■ Work to complete
Within the data below, find the string "case" and return each line where it occurs.

■ Data excerpts

Arguments far_trivial {R X} r S.
Arguments bin_div_trivial {R X} z W.
Arguments well_rep R {X} W A B.
Arguments well_rep_div R {X} W A B.

From mathcomp Require Import all_boot all_order all_algebra.
From mathcomp Require Import reals exp.
From mathcomp Require Import zify ring lra.
Import Order.TTheory GRing.Theory Num.Theory.
Local Open Scope ring_scope.

(* Write W = X \ P1, D = psi/(k tau) and split the counted points along the far
   set F_d.  Those inside F_d number at most |F_d ∩ P3| <= 8(k+1)phi |P3|/|W| by
   well-representation of F_d in P3 (or |P3| itself is that small when F_d is
   trivial).  Suppose more than 9k tau of them lie outside F_d.  Then all of F_d
   lies beyond D, so W \ F_c contains about (k+1)phi + 9k tau points beyond D.
   The bins of the linear bin division preceding the first bin that reaches
   within D of T cover two thirds of these, and by well-representation of these
   bins and of F_c in P2 we find more than 3 alpha k tau + |far| points of P2
   beyond D, where |far| is the size of the far set discarded in
   R_{2 alpha (k+1) phi}(P2,T) = 3 alpha psi = 3 alpha k tau D: a contradiction. *)

Set Implicit Arguments. Unset Strict Implicit. Unset Printing Implicit Defensive.

Lemma ceil_nat (R : realType) (r : R) : 0 <= r ->
  exists m : nat, [/\ Num.ceil r = m%:Z, r <= m%:R & m%:R < r + 1].
Proof.
move=> r0; have z0 : 0 <= Num.ceil r by rewrite ceil_ge0; lra.
exists `|Num.ceil r|%N; have e := gez0_abs z0.
have e2 : (`|Num.ceil r|%N)%:R = (Num.ceil r)%:~R :> R by rewrite -{2}e.
split => //; rewrite e2; first exact: ceil_ge.
by have := ceilB1_lt r; rewrite intrB /=; lra.
Qed.

Lemma distT_ge0 (R : realType) (X : finType) (rho : X -> X -> R) T x :
  is_metric rho -> 0 <= distT rho T x.
Proof.
case=> rho_ge0 _ _ _; rewrite /distT; case: pickP => // y _.
by elim/big_ind: _ => // a b ha hb; rewrite le_min ha hb.
Qed.

(* Ranking the points of S by the strict total order [further], the
   nontrivial far set far_r(S,T) is the set of the ceil(r) top-ranked points; this
   yields its size bounds, its monotonicity in r, and the fact that it dominates
   every other point of S in distance to T. *)
Section FarSets.
Variables (R : realType) (X : finType) (rho : X -> X -> R) (T : {set X}).
Local Notation d := (distT rho T).
Local Notation fur := (further rho T).

Lemma further_irrefl x : ~~ fur x x.
Proof. by rewrite /further ltxx eqxx ltnn. Qed.

Lemma further_trans a b c : fur a b -> fur b c -> fur a c.
Proof.
rewrite /further => /orP[h1|/andP[/eqP e1 h1]] /orP[h2|/andP[/eqP e2 h2]].
- by rewrite (lt_trans h2 h1).
- by rewrite -e2 h1.
- by rewrite e1 h2.
- by rewrite e1 -e2 eqxx (ltn_trans h1 h2) orbT.
Qed.

Lemma further_total a b : a != b -> fur a b || fur b a.
Proof.
move=> ab; rewrite /further; case: (ltgtP (d a) (d b)) => //= _.
by rewrite -neq_ltn; apply: contra ab => /eqP/val_inj/enum_rank_inj ->.
Qed.

Definition rank_in (S : {set X}) x := #|[set y in S | fur y x]|.

Local Notation top S m := [set x in S | (rank_in S x < m)%N].

Lemma rank_in_lt (S : {set X}) x y : x \in S -> fur x y -> (rank_in S x < rank_in S y)%N.
Proof.
move=> xS fxy; apply: proper_card; apply/properP; split.
  by apply/subsetP => z; rewrite !inE => /andP[-> h]; exact: further_trans h fxy.
by exists x; rewrite !inE ?xS ?fxy // (negbTE (further_irrefl _)) andbF.
Qed.

Lemma card_top_le (S : {set X}) m : (#|top S m| <= m)%N.
Proof.
case: (set_0Vmem (top S m)) => [->|[x0 x0L]]; first by rewrite cards0.
case: (@arg_maxnP _ x0 (mem (top S m)) (rank_in S) x0L) => x1 x1L hmax.
have {}x1L : x1 \in top S m := x1L.
move: (x1L); rewrite inE => /andP[x1S x1m].
suff : (#|top S m| <= (rank_in S x1).+1)%N by move/leq_trans; apply.
rewrite (cardsD1 x1) x1L add1n ltnS; apply: subset_leq_card.
apply/subsetP => y; rewrite !inE => /andP[nyx /andP[yS ym]]; rewrite yS /=.
case/orP: (further_total nyx) => // h.
have : (rank_in S y <= rank_in S x1)%N.
  by apply: hmax; change (y \in top S m); rewrite inE yS ym.
by have := rank_in_lt x1S h; lia.
Qed.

■ Output for this task
case=> rho_ge0 _ _ _; rewrite /distT; case: pickP => // y _.
move=> ab; rewrite /further; case: (ltgtP (d a) (d b)) => //= _.
case: (set_0Vmem (top S m)) => [->|[x0 x0L]]; first by rewrite cards0.
case: (@arg_maxnP _ x0 (mem (top S m)) (rank_in S) x0L) => x1 x1L hmax.
case/orP: (further_total nyx) => // h.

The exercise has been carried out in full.